▶ **Action item**: Output only the lines of the entries that follow, starting at the one with "For a chamber" and running down to the one with "most one chamber", both included and unchanged.

▶ **Given data**:
╔══
(* Infinite thickness: every panel (the s-panel of c is the set of d with
   delta c d in {1, s}) contains infinitely many chambers. *)
Definition infinitely_thick : Prop :=
  forall c s, s \in S -> infinite_pred (fun d => delta c d = 1 \/ delta c d = s).

(* c and d are opposite: delta c d is the longest element w0 of W. *)
Definition opposite (c d : Ch) : Prop :=
  forall w : gT, coxlen S w <= coxlen S (delta c d).

(* Apartments: images of isometries W -> Ch, W carrying delta_W(x,y) = x^-1 y. *)
Definition apartment (A : Ch -> Prop) : Prop :=
  exists alpha : gT -> Ch,
    (forall x y, delta (alpha x) (alpha y) = x^-1 * y) /\
    (forall d, A d <-> exists w, d = alpha w).

End Building.

From mathcomp Require Import all_boot all_fingroup zify.
From Stdlib Require Import ClassicalEpsilon Classical_Prop.
Set Implicit Arguments. Unset Strict Implicit. Unset Printing Implicit Defensive.

(* Let w0 be the longest element of W. Then l(u) + l(u^-1 w0) = l(w0) for every u; this rests
   on Tits' solution of the word problem: the parity of the number of occurrences of a
   reflection t in the reflection sequence of a word depends only on the product of the word.
   Hence, for chambers c0, d0 with delta c0 d0 = w0, each u in W is the coordinate of exactly
   one chamber x (delta c0 x = u and delta x d0 = u^-1 w0), and u |-> x is an isometry of W
   onto an apartment A.
   For a chamber e, the sum of l(delta e y) over the chambers y of A is at most |W| l(w0). If e
   is not opposite some y, pick a panel of e along which delta e y goes up; in that panel at
   most one chamber is closer than e to any given chamber of A, so by infinite thickness some
   chamber e' of the panel is at least as far as e from all of A and strictly farther from y.
   Hence a chamber maximising the sum is opposite every chamber of A. *)

Local Open Scope group_scope.

Lemma bounded_nat_fun_max (T : Type) (F : T -> nat) (m : nat) (x0 : T) :
  (forall x, F x <= m) -> exists x, forall y, F y <= F x.
Proof.
move=> le_m; have [k le_k] : exists k, m - F x0 <= k by exists (m - F x0).
elim: k x0 le_k => [|k IHk] x le_k.
all: case: (classic (exists y, F x < F y)) => [[y lt_xy]|no_larger];
  last by exists x => y; rewrite leqNgt; apply/negP=> lt_xy; apply: no_larger; exists y.
  by have := le_m y; lia.
by apply: (IHk y); have := le_m y; lia.
Qed.

Section CoxeterGroup.
Variables (gT : finGroupType) (S : {set gT}).
Hypothesis coxS : coxeter_system S.

Definition prodw (a : seq gT) : gT := \prod_(x <- a) x.

Local Notation Sword := (all (mem S)).
Local Notation ℓ := (coxlen S).

Lemma prodw_nil : prodw [::] = 1. Proof. exact: big_nil. Qed.
Lemma prodw_cons x a : prodw (x :: a) = x * prodw a. Proof. exact: big_cons. Qed.
Lemma prodw_cat a b : prodw (a ++ b) = prodw a * prodw b. Proof. exact: big_cat. Qed.
Lemma prodw_rcons a x : prodw (rcons a x) = prodw a * x.
Proof. by rewrite -cats1 prodw_cat prodw_cons prodw_nil mulg1. Qed.

Lemma gen_invg s : s \in S -> s^-1 = s.
Proof. by case: coxS => _ ord2 _ /ord2 ord_s; rewrite invg_expg ord_s. Qed.

Lemma gen_mulgg s : s \in S -> s * s = 1.
Proof. by move=> /gen_invg {1}<-; rewrite mulVg. Qed.

Lemma gen_neq1 s : s \in S -> s != 1.
Proof. by case: coxS => _ ord2 _ /ord2 ord_s; rewrite -order_eq1 ord_s. Qed.

Lemma prodw_rev a : Sword a -> prodw (rev a) = (prodw a)^-1.
Proof.
elim: a => [|x a IHa] /=; first by rewrite prodw_nil invg1.
case/andP=> Sx Sa; rewrite rev_cons prodw_rcons IHa // prodw_cons invMg.
by rewrite (gen_invg Sx).
Qed.

Lemma Sword_exists w : exists2 a, Sword a & prodw a = w.
Proof.
case: coxS => genS _ _.
have : w \in <<S>> by rewrite genS inE.
case/gen_prodgP=> n [c Sc ->].
exists [seq c i | i <- index_enum 'I_n]; last by rewrite /prodw big_map.
by apply/allP=> _ /mapP[i _ ->]; apply: Sc.
Qed.

Lemma has_wordP w n :
  reflect (exists a, [/\ Sword a, prodw a = w & size a = n]) (has_word S w n).
Proof.
apply: (iffP existsP) => [[t /andP[St /eqP <-]]|[a [Sa <- <-]]].
  by exists t; rewrite size_tuple.
by exists (in_tuple a); rewrite Sa eqxx.
Qed.

(* A shortest word has pairwise distinct prefix products, hence fewer than #|gT| letters. *)
Lemma has_short_word w : exists2 n, n < #|gT| & has_word S w n.
Proof.
have [a Sa <-] := Sword_exists w.
have ex_word : exists n, has_word S (prodw a) n by exists (size a); apply/has_wordP; exists a.
case: (ex_minnP ex_word) => n /has_wordP[b [Sb eq_ab <-]] b_min.
exists (size b); last by apply/has_wordP; exists b.
have prefix_inj : injective (fun i : 'I_(size b).+1 => prodw (take i b)).
  move=> i j; wlog lt_ij : i j / i < j => [hwlog eq_ij|eq_ij].
    by case: (ltngtP i j) => [/hwlog->|/hwlog/(_ (esym eq_ij))->|/val_inj].
  have Sij : Sword (take i b ++ drop j b).
    by rewrite all_cat; apply/andP; split; apply/allP=> x;
      [move/mem_take | move/mem_drop]; apply/allP.
  have := b_min (size (take i b ++ drop j b)).
  suff -> : has_word S (prodw a) (size (take i b ++ drop j b)).
    rewrite size_cat size_take size_drop; have := ltn_ord j; case: ifP; lia.
  apply/has_wordP; exists (take i b ++ drop j b); split=> //.
  by rewrite prodw_cat eq_ij -prodw_cat cat_take_drop.
by have := leq_card _ prefix_inj; rewrite card_ord.
Qed.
╚══
▶ **Response to the task**:
   For a chamber e, the sum of l(delta e y) over the chambers y of A is at most |W| l(w0). If e
   is not opposite some y, pick a panel of e along which delta e y goes up; in that panel at
   most one chamber is closer than e to any given chamber of A, so by infinite thickness some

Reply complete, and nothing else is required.